> _EXERCISE GOAL_: Could you reproduce the lines below from the one with "a ^+ 2 + l * b <= (a" through the one with "Section L1Approximation."? Keep both ends and add nothing.

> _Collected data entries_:

□ □ □ □ □ □ □

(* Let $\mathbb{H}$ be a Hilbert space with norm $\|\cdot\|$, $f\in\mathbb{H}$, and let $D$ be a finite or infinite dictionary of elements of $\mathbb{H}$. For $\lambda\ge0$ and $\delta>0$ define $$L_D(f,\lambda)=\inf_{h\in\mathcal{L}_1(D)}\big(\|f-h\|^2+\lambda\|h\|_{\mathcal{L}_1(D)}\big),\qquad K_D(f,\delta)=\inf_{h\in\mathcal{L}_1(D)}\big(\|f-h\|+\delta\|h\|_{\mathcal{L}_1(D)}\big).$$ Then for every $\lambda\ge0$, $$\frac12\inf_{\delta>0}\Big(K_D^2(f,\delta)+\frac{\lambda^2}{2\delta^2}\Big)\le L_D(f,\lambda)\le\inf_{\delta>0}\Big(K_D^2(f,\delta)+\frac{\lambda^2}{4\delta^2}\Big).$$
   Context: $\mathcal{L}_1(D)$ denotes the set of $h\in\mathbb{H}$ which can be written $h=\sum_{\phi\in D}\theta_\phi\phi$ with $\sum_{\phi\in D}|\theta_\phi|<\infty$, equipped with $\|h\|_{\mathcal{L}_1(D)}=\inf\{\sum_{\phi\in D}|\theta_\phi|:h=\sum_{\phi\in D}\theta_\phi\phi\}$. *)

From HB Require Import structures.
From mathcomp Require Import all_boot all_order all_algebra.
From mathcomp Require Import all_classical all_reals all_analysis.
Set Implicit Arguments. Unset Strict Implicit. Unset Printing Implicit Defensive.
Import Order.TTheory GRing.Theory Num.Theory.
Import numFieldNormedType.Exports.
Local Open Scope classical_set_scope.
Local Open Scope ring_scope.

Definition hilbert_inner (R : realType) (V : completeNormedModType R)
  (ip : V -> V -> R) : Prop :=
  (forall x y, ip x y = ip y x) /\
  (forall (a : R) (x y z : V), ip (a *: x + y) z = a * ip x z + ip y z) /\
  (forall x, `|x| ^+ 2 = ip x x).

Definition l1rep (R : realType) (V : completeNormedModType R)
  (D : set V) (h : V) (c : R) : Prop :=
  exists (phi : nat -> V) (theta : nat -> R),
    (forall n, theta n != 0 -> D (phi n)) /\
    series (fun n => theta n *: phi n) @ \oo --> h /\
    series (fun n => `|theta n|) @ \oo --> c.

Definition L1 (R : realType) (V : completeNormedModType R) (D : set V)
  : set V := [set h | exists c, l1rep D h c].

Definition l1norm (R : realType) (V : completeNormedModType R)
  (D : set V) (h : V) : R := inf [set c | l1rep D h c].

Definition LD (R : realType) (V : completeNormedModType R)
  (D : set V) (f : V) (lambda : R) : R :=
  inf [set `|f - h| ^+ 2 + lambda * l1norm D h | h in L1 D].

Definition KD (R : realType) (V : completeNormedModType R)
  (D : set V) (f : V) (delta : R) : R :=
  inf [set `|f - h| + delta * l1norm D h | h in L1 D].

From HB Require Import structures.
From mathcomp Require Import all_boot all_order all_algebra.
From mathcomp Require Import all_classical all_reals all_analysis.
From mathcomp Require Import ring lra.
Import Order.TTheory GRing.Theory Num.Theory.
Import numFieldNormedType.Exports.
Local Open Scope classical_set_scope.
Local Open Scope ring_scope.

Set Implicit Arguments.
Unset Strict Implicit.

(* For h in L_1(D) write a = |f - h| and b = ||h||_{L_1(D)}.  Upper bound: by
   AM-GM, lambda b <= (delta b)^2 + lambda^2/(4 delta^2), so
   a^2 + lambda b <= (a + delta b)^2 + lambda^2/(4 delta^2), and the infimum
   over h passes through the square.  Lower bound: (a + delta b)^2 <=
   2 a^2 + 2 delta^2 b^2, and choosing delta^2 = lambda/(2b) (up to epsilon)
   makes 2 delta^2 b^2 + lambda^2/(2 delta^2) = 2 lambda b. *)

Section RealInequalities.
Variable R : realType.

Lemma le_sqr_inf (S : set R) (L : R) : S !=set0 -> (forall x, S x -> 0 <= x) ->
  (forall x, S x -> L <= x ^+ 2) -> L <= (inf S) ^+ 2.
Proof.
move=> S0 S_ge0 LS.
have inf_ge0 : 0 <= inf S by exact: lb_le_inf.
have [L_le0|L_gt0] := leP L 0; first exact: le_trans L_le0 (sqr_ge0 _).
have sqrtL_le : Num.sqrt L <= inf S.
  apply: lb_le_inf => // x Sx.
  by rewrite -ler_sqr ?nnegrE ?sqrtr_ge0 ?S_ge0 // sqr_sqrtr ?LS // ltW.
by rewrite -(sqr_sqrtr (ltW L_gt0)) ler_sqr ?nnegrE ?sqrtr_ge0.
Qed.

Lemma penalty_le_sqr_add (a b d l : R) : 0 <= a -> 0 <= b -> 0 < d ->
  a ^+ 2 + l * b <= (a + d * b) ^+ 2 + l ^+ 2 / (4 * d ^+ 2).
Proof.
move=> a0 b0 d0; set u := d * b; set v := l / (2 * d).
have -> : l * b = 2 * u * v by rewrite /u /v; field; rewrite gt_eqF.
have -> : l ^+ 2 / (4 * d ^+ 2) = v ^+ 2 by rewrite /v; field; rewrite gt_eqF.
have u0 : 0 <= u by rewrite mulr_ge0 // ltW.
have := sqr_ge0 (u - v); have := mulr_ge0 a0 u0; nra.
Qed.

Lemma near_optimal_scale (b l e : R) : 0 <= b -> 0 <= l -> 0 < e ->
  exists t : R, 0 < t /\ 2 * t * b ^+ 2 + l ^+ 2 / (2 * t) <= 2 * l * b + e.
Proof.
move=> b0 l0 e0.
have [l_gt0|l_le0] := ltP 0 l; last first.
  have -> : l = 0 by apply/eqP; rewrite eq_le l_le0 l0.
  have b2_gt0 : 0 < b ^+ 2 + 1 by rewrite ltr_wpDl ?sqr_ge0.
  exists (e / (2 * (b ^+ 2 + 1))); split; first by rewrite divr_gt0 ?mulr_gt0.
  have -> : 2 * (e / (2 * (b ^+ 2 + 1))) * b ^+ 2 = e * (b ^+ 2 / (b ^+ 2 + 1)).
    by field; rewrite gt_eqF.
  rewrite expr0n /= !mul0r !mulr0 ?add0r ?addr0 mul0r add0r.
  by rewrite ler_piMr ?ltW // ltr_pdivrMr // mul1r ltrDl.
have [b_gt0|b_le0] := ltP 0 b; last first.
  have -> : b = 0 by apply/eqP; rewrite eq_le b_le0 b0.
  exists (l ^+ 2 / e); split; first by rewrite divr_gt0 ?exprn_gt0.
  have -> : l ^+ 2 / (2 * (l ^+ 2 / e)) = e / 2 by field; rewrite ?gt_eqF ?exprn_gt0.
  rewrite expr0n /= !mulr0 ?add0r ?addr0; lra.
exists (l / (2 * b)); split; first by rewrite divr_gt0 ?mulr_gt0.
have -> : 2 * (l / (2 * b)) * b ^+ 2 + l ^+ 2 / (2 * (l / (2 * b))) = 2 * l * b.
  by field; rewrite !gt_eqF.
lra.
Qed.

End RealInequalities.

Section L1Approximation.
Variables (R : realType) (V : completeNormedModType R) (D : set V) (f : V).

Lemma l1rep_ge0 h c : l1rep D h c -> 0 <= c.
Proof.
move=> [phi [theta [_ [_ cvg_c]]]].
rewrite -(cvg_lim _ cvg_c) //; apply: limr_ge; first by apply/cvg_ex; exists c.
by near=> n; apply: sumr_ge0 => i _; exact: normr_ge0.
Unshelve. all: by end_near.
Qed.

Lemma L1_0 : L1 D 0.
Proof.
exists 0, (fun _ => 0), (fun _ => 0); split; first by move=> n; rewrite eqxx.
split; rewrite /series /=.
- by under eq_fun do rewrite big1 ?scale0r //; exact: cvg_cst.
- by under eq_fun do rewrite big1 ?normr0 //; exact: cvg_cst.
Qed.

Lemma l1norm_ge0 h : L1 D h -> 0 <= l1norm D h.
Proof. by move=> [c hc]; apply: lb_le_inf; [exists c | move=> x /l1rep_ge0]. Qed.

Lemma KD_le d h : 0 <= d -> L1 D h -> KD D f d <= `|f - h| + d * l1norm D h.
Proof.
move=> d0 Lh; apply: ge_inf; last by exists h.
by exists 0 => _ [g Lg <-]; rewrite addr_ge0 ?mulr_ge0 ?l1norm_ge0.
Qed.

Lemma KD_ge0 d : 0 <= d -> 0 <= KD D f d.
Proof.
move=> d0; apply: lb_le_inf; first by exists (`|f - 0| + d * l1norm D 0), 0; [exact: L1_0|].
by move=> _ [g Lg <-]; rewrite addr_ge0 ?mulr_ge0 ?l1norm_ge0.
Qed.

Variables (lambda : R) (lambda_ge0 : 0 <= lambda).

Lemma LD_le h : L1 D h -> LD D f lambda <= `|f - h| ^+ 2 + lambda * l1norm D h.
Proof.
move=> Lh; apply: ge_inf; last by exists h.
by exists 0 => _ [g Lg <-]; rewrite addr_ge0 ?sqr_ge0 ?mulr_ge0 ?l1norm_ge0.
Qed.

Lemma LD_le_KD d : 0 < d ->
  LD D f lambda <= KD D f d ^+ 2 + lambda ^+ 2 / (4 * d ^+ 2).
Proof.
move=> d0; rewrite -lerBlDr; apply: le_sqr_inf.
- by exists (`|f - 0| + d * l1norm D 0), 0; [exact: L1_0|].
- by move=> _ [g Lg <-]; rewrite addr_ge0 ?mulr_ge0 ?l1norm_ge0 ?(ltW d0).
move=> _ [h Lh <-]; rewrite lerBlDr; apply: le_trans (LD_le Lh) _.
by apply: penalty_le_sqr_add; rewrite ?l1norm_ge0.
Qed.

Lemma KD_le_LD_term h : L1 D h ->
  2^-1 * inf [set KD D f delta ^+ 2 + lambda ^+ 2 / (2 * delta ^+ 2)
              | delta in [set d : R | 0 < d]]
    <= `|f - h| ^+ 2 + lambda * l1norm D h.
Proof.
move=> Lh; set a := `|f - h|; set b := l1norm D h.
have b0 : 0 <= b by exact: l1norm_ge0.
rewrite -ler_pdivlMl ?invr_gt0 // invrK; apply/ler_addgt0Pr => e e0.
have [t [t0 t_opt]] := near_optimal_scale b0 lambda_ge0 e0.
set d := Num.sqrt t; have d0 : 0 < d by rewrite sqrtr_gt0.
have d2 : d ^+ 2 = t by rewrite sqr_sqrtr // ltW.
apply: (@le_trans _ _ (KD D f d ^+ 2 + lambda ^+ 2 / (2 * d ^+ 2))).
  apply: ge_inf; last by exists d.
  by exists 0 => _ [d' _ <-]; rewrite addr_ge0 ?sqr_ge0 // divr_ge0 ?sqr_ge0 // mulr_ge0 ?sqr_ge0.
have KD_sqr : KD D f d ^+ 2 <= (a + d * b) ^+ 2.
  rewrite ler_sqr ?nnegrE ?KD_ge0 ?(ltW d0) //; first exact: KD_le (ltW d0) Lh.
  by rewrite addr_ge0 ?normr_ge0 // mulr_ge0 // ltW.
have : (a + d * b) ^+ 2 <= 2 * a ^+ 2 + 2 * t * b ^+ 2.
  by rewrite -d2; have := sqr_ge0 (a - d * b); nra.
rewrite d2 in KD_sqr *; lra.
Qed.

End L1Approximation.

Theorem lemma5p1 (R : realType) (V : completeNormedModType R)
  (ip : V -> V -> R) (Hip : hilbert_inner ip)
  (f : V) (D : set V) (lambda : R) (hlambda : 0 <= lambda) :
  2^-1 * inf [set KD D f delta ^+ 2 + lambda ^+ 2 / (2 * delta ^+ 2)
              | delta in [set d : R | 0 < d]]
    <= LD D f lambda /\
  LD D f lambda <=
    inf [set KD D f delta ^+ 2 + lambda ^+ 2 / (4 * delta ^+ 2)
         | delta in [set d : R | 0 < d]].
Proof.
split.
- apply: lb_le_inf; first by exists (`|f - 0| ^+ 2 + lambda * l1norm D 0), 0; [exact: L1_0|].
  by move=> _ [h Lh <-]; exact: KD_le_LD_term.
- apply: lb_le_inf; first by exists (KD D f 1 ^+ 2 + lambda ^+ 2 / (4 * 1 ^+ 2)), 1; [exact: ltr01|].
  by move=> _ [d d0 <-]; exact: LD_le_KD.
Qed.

□ □ □ □ □ □ □

> _YOUR RESPONSE_:
  a ^+ 2 + l * b <= (a + d * b) ^+ 2 + l ^+ 2 / (4 * d ^+ 2).
Proof.
move=> a0 b0 d0; set u := d * b; set v := l / (2 * d).
have -> : l * b = 2 * u * v by rewrite /u /v; field; rewrite gt_eqF.
have -> : l ^+ 2 / (4 * d ^+ 2) = v ^+ 2 by rewrite /v; field; rewrite gt_eqF.
have u0 : 0 <= u by rewrite mulr_ge0 // ltW.
have := sqr_ge0 (u - v); have := mulr_ge0 a0 u0; nra.
Qed.

Lemma near_optimal_scale (b l e : R) : 0 <= b -> 0 <= l -> 0 < e ->
  exists t : R, 0 < t /\ 2 * t * b ^+ 2 + l ^+ 2 / (2 * t) <= 2 * l * b + e.
Proof.
move=> b0 l0 e0.
have [l_gt0|l_le0] := ltP 0 l; last first.
  have -> : l = 0 by apply/eqP; rewrite eq_le l_le0 l0.
  have b2_gt0 : 0 < b ^+ 2 + 1 by rewrite ltr_wpDl ?sqr_ge0.
  exists (e / (2 * (b ^+ 2 + 1))); split; first by rewrite divr_gt0 ?mulr_gt0.
  have -> : 2 * (e / (2 * (b ^+ 2 + 1))) * b ^+ 2 = e * (b ^+ 2 / (b ^+ 2 + 1)).
    by field; rewrite gt_eqF.
  rewrite expr0n /= !mul0r !mulr0 ?add0r ?addr0 mul0r add0r.
  by rewrite ler_piMr ?ltW // ltr_pdivrMr // mul1r ltrDl.
have [b_gt0|b_le0] := ltP 0 b; last first.
  have -> : b = 0 by apply/eqP; rewrite eq_le b_le0 b0.
  exists (l ^+ 2 / e); split; first by rewrite divr_gt0 ?exprn_gt0.
  have -> : l ^+ 2 / (2 * (l ^+ 2 / e)) = e / 2 by field; rewrite ?gt_eqF ?exprn_gt0.
  rewrite expr0n /= !mulr0 ?add0r ?addr0; lra.
exists (l / (2 * b)); split; first by rewrite divr_gt0 ?mulr_gt0.
have -> : 2 * (l / (2 * b)) * b ^+ 2 + l ^+ 2 / (2 * (l / (2 * b))) = 2 * l * b.
  by field; rewrite !gt_eqF.
lra.
Qed.

End RealInequalities.

Section L1Approximation.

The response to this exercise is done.